* WHAT THE EXERCISE ASKS *
For the entries below, the expected answer is the line with "by split; [apply: coprime_div_gcdn", the line with "have lz := prime_coprime_ndvd pl lb czb.", and every line between them, exactly as written, and nothing more.

(Collected data entries)

※ ※ ※

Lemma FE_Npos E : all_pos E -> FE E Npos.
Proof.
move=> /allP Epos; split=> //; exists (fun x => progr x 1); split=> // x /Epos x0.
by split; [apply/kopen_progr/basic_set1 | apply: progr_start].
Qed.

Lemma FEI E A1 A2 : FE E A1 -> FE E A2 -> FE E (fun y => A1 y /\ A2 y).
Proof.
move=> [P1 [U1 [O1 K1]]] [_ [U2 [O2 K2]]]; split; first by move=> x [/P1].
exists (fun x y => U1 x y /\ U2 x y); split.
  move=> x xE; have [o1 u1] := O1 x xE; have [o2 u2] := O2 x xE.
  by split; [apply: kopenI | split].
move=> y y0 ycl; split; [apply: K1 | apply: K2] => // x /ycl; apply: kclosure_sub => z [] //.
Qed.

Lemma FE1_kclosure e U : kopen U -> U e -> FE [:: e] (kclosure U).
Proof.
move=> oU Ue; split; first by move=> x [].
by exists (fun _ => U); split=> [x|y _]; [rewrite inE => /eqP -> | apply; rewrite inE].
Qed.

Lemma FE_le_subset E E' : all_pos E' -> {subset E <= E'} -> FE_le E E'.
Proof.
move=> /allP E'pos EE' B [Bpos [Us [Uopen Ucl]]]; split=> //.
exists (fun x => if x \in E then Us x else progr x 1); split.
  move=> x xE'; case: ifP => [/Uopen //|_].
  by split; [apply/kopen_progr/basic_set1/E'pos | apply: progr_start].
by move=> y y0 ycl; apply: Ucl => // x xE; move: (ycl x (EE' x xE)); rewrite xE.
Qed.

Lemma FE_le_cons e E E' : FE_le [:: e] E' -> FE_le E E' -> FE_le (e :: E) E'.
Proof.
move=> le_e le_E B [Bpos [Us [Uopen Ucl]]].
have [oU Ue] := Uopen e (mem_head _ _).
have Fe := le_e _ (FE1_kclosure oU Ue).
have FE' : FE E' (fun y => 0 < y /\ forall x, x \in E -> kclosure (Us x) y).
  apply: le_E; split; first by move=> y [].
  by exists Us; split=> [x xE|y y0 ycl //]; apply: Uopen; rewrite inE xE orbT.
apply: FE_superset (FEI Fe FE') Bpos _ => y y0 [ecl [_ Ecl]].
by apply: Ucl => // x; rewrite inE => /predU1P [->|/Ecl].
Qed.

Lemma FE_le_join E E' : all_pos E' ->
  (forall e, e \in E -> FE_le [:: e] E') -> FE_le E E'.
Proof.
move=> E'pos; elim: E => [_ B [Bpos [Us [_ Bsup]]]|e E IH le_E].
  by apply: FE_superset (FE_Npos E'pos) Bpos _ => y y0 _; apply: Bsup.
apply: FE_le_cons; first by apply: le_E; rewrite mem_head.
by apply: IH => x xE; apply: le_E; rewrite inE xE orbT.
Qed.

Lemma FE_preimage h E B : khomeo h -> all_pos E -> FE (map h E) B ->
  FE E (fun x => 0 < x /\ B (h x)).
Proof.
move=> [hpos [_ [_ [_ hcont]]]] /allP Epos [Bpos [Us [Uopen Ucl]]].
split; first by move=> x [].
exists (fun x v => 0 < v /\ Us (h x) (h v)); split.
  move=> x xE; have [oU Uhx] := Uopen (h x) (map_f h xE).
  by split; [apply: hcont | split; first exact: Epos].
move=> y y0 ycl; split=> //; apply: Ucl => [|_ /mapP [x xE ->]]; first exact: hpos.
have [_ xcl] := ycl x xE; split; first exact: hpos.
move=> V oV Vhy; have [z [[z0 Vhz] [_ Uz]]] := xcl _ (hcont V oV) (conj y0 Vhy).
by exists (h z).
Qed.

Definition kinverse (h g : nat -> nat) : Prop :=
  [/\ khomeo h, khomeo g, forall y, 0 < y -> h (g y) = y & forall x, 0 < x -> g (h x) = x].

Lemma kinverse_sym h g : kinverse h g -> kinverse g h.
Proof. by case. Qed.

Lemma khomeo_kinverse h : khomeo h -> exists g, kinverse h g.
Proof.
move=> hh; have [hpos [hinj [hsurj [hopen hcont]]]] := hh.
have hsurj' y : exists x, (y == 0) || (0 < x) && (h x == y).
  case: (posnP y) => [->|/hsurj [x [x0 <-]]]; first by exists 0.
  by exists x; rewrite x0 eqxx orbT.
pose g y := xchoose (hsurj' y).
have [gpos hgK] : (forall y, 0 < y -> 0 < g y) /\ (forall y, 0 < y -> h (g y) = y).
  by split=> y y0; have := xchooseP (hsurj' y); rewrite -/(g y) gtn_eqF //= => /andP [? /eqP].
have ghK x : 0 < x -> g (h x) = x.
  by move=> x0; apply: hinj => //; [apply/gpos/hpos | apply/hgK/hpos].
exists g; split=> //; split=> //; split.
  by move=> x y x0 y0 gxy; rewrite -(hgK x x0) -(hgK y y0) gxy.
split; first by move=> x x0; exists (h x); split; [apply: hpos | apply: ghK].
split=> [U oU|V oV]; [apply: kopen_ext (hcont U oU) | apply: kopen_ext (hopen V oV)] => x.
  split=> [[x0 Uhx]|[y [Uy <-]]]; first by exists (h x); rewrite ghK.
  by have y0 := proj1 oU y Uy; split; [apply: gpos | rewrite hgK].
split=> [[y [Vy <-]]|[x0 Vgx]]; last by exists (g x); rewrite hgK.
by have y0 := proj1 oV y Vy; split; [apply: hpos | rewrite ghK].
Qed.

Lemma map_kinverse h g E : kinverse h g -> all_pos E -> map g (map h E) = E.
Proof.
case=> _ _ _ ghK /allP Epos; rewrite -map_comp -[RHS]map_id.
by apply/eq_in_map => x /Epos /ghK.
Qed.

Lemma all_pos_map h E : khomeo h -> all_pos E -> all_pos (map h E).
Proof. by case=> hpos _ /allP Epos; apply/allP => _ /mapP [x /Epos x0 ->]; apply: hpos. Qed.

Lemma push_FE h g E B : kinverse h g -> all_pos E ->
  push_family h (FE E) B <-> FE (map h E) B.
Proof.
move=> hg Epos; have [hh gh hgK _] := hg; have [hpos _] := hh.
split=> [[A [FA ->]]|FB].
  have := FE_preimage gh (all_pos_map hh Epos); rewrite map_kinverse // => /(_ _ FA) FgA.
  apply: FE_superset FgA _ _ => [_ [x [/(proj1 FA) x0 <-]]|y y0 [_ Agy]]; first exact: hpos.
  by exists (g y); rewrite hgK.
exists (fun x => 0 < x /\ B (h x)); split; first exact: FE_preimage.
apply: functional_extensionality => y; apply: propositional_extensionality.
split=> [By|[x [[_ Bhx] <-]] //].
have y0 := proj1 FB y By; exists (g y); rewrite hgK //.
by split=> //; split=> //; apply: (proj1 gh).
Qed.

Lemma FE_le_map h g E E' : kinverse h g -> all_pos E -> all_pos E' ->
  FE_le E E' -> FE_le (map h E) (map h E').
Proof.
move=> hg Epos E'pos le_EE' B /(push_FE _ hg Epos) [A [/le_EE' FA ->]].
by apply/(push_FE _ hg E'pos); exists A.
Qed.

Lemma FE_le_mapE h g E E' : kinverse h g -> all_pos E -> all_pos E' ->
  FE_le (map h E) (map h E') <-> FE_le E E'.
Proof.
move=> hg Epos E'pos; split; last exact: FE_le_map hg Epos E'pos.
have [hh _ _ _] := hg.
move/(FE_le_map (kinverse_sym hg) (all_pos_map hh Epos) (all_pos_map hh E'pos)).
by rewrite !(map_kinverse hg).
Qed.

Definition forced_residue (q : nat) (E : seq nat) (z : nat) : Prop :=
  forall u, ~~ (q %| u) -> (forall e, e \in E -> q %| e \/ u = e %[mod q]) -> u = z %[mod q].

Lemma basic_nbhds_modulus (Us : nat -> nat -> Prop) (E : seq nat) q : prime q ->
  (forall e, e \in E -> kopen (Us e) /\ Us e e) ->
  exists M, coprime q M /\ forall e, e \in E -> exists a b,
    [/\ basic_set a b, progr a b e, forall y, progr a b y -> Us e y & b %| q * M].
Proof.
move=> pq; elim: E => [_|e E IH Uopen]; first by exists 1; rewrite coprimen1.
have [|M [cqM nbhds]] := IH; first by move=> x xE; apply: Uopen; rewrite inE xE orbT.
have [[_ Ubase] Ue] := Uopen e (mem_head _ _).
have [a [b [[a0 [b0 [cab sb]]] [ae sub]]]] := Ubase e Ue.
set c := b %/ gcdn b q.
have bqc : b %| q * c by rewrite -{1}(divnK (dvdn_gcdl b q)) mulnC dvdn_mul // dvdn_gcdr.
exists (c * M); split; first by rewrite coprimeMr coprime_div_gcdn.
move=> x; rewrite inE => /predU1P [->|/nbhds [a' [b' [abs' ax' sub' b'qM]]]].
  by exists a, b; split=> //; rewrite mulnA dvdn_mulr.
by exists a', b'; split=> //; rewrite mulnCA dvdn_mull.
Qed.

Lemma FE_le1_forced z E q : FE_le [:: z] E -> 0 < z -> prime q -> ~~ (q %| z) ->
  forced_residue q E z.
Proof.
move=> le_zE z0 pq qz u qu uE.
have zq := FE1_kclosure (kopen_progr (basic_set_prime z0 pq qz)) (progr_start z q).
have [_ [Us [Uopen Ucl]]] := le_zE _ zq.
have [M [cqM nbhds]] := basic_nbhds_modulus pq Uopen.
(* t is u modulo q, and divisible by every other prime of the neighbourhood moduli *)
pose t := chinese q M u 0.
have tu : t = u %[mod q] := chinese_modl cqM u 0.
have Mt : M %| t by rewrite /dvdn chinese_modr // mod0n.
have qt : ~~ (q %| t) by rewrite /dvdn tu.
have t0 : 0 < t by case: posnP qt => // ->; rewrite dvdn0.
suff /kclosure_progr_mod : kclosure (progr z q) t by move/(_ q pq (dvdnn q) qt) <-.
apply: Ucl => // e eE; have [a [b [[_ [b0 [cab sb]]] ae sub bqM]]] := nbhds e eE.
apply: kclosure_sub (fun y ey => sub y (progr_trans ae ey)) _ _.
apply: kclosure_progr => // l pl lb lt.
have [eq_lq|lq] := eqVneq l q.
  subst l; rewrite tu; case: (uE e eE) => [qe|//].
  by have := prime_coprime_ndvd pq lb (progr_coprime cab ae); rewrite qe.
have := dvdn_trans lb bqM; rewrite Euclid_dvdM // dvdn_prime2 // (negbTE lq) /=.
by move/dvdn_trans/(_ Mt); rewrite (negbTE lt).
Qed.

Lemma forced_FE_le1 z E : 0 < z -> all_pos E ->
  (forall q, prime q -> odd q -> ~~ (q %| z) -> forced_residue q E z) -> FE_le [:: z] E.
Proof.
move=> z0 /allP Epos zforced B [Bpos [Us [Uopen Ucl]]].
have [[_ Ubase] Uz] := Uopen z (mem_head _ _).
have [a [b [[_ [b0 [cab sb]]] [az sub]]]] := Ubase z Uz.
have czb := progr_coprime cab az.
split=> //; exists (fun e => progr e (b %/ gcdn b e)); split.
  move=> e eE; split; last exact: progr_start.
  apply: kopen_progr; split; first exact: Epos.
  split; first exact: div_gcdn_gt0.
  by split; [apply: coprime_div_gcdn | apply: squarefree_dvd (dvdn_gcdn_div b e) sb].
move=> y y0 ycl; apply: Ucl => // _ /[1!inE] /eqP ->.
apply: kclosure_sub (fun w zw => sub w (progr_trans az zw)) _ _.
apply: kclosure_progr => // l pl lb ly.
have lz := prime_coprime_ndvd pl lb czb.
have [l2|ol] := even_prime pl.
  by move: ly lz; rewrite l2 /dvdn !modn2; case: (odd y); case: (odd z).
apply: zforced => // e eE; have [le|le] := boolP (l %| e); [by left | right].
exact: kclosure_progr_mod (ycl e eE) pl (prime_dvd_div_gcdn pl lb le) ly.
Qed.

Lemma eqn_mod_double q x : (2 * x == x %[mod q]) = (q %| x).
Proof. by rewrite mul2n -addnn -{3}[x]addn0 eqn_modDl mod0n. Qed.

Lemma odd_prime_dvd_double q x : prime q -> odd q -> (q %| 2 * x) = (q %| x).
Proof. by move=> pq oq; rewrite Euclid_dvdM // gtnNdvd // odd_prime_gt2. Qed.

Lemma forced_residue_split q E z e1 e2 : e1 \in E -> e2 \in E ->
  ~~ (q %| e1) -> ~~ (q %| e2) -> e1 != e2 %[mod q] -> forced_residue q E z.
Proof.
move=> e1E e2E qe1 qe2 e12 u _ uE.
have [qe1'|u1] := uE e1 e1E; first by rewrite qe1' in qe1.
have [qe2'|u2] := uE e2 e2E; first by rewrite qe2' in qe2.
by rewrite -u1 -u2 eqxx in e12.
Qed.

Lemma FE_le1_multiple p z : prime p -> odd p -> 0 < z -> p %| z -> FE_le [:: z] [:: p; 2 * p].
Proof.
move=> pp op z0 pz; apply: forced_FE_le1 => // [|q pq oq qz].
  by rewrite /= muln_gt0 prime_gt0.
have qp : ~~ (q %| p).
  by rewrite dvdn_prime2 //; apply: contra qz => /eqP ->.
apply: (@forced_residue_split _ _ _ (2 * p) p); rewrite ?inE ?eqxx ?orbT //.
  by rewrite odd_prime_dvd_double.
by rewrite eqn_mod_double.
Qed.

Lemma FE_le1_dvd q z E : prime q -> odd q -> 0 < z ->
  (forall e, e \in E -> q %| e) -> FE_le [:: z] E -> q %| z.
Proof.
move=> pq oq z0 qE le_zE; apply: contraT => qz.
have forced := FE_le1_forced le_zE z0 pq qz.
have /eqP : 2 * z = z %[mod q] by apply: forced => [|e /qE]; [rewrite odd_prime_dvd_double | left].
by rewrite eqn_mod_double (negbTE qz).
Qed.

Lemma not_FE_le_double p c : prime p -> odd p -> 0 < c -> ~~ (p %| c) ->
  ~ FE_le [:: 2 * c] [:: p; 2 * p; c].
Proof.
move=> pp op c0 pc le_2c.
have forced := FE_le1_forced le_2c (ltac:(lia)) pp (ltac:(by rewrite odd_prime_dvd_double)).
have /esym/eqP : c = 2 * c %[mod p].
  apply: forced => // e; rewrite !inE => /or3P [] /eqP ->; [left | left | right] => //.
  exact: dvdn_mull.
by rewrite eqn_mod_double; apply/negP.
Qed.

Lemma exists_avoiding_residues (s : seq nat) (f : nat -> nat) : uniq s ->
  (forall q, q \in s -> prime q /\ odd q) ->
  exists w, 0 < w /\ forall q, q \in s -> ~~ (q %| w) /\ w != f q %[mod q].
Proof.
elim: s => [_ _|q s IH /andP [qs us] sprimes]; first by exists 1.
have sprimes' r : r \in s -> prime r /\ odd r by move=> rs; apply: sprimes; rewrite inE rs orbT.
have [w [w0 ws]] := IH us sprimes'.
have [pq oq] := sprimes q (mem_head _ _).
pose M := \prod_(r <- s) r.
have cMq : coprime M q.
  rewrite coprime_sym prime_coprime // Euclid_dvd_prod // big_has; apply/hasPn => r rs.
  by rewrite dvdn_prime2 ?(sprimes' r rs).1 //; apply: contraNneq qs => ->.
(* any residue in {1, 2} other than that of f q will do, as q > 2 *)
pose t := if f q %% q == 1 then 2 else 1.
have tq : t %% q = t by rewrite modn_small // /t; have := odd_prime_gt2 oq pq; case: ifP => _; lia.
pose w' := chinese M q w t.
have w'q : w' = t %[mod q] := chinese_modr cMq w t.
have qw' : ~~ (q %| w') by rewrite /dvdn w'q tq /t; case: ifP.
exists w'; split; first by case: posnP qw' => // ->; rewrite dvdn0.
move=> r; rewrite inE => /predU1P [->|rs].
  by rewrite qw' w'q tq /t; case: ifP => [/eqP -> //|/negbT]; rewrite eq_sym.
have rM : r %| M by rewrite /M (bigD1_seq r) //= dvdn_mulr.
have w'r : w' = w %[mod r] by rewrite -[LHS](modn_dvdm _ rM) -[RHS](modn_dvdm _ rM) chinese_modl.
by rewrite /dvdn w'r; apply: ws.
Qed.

※ ※ ※

* EXERCISE SOLUTION *
  by split; [apply: coprime_div_gcdn | apply: squarefree_dvd (dvdn_gcdn_div b e) sb].
move=> y y0 ycl; apply: Ucl => // _ /[1!inE] /eqP ->.
apply: kclosure_sub (fun w zw => sub w (progr_trans az zw)) _ _.
apply: kclosure_progr => // l pl lb ly.
have lz := prime_coprime_ndvd pl lb czb.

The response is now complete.